*Task details*
From the records below, report the number of lines that contain "over", and add nothing.

*Data extracts*
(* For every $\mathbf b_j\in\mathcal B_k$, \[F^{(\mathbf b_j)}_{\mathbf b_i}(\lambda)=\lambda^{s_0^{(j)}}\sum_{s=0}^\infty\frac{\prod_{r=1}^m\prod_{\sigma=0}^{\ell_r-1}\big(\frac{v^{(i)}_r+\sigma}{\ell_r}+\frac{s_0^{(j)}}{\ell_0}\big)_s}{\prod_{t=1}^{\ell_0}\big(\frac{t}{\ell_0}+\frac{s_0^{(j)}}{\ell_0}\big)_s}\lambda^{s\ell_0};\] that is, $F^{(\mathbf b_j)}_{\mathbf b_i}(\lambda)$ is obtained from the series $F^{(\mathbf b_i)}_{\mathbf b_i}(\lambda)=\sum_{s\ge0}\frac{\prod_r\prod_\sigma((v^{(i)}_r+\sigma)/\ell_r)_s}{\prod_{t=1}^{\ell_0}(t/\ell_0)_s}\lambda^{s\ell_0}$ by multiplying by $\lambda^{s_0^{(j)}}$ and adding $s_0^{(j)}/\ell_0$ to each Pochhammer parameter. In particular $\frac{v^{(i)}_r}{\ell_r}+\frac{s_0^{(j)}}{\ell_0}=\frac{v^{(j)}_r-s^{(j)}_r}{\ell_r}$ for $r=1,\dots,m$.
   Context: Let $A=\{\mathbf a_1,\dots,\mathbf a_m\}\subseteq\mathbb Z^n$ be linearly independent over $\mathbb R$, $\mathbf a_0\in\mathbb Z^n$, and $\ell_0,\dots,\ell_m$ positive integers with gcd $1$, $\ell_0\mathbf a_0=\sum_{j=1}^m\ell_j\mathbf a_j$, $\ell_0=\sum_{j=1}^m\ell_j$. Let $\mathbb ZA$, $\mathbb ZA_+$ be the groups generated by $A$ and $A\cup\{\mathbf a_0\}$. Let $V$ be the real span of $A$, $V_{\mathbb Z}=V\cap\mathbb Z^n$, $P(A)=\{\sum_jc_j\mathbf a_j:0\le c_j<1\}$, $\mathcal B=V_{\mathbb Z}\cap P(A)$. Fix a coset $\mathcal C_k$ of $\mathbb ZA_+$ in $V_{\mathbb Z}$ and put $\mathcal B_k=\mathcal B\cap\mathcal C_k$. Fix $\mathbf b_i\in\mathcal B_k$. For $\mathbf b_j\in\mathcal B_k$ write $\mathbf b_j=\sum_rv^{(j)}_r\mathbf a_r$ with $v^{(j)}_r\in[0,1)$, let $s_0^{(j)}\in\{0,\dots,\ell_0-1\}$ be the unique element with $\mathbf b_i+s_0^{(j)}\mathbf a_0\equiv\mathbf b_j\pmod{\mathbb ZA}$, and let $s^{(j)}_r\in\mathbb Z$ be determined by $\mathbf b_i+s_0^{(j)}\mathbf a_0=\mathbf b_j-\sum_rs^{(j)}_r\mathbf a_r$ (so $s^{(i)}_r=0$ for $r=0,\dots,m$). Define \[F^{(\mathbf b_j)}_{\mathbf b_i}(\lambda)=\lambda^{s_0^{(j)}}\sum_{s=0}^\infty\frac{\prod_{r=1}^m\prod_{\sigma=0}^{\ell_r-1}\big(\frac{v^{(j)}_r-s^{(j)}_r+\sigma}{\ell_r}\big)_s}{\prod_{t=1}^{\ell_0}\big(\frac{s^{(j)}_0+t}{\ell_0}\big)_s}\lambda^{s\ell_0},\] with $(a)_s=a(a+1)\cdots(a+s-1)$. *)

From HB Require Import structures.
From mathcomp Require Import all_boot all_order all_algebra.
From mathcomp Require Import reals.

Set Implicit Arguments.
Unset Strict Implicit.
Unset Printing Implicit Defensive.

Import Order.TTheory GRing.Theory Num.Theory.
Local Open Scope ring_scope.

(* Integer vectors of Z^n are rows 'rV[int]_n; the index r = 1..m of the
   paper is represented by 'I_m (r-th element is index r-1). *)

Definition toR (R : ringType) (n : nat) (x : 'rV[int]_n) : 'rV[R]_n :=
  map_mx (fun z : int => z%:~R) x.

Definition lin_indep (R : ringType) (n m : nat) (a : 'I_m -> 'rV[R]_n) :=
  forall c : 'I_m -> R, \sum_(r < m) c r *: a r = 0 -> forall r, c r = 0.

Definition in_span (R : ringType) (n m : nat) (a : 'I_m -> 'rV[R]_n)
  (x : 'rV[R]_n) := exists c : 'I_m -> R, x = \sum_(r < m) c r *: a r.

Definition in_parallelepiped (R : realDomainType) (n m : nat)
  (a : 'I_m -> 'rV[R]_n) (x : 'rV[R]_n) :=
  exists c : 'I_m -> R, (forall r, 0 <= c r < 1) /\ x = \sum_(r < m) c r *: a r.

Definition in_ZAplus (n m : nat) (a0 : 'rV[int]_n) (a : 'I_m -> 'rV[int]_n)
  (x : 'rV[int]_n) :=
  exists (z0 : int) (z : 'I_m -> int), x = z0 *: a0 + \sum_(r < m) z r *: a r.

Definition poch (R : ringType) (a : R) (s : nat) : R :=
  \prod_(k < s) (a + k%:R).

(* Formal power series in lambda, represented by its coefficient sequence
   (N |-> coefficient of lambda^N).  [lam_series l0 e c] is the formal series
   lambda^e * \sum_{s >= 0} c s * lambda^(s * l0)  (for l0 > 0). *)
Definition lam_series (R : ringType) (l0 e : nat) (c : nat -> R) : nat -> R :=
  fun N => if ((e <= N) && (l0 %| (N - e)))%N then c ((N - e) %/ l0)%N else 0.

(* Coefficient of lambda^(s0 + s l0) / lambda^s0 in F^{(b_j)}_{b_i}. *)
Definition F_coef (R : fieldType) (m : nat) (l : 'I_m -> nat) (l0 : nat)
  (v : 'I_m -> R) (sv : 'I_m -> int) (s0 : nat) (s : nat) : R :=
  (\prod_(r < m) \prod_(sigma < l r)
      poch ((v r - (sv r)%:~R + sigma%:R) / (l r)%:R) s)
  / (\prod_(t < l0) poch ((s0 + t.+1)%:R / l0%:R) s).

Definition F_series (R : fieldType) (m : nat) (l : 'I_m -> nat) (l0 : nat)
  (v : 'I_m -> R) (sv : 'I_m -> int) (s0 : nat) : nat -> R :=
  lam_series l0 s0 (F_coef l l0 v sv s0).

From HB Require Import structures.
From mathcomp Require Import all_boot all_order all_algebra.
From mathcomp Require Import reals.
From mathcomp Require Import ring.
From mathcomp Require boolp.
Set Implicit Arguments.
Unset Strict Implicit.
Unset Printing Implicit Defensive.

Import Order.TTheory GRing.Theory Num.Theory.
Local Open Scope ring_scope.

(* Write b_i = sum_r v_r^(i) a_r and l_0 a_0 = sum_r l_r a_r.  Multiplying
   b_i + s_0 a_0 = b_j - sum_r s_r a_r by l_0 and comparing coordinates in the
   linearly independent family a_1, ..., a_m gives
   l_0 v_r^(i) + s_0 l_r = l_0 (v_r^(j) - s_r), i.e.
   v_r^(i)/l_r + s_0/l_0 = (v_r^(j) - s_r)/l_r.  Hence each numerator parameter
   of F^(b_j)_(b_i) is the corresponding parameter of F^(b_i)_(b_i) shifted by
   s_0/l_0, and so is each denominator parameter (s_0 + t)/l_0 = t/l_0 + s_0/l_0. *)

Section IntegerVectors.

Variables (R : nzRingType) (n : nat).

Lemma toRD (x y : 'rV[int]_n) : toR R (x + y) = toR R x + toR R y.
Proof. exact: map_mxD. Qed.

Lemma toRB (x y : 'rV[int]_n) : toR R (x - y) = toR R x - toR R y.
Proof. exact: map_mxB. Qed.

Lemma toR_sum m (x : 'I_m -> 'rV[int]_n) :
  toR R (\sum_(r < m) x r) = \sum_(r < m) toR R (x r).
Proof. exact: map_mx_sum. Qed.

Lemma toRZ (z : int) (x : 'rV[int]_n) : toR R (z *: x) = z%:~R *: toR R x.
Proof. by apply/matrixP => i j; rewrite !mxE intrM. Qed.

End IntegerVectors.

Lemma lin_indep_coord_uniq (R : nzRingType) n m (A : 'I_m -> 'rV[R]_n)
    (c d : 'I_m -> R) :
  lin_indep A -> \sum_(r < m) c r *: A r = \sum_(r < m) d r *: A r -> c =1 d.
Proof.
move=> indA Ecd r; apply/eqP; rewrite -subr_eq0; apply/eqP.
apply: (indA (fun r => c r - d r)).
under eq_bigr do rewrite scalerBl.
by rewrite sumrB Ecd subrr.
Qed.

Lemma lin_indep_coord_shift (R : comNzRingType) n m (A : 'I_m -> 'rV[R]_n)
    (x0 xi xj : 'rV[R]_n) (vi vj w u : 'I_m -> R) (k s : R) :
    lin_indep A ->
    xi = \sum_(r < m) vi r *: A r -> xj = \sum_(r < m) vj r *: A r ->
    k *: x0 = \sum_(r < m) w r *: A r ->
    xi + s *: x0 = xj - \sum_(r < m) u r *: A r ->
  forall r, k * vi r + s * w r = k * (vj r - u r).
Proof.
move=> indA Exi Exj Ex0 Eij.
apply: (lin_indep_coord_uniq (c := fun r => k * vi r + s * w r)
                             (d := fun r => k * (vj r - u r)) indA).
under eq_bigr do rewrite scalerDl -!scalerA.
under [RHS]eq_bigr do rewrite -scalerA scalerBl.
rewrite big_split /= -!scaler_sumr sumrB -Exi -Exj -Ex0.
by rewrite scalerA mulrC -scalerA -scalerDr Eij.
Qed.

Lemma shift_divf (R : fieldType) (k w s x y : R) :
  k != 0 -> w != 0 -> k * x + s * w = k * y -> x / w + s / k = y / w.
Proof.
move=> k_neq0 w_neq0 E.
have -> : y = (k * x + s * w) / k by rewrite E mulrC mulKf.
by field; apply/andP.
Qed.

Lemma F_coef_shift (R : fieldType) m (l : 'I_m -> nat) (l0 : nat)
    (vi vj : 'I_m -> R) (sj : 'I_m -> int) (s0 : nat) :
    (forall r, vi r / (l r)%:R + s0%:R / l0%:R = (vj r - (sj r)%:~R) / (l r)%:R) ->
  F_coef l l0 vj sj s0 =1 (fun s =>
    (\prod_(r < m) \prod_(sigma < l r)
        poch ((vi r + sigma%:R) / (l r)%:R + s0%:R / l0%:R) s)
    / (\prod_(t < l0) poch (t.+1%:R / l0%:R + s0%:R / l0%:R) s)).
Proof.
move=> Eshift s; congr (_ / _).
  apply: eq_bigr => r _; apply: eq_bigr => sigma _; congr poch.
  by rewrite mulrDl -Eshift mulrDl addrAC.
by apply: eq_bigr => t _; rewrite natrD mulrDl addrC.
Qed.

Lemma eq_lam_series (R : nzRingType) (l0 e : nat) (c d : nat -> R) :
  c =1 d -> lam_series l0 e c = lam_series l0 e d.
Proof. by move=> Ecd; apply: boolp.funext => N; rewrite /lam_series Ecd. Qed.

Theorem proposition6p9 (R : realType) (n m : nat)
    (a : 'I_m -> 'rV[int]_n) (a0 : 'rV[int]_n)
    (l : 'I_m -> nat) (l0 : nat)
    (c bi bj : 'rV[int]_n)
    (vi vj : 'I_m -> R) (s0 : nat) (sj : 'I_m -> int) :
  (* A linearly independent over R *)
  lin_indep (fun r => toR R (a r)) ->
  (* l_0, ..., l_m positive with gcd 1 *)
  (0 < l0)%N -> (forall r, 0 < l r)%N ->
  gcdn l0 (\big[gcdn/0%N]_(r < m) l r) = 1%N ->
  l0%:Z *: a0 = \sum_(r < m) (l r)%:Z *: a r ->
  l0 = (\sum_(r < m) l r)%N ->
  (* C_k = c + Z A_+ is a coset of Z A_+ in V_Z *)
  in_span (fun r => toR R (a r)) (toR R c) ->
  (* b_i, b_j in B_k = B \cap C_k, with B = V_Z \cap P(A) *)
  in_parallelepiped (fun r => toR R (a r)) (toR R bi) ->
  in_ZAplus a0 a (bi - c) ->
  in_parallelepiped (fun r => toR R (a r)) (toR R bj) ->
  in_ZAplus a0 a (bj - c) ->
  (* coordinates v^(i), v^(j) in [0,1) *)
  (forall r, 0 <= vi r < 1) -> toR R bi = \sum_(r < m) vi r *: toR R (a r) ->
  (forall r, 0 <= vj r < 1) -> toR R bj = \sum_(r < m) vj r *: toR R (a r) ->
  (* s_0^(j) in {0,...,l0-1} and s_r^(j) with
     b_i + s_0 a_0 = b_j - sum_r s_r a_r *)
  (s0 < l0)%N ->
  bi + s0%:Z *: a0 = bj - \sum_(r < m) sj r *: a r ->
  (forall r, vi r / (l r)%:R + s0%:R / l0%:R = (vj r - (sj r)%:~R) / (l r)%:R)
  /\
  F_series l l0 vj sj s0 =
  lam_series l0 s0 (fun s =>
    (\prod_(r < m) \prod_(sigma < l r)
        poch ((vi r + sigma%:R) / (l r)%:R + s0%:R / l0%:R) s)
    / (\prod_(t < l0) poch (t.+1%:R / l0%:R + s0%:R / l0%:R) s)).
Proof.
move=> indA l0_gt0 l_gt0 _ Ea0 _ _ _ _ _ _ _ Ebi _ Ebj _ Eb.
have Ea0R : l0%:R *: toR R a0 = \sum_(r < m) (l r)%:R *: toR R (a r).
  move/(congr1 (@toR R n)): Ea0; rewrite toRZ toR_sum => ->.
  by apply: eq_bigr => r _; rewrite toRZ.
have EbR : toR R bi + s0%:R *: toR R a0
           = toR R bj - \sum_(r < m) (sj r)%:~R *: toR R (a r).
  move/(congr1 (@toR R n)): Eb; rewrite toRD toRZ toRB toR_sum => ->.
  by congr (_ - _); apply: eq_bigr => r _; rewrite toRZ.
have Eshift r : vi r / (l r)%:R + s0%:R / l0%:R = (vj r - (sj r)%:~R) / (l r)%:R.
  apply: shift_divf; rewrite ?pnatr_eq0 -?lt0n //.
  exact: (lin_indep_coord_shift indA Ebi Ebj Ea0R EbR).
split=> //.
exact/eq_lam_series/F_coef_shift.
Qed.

*Output below*
2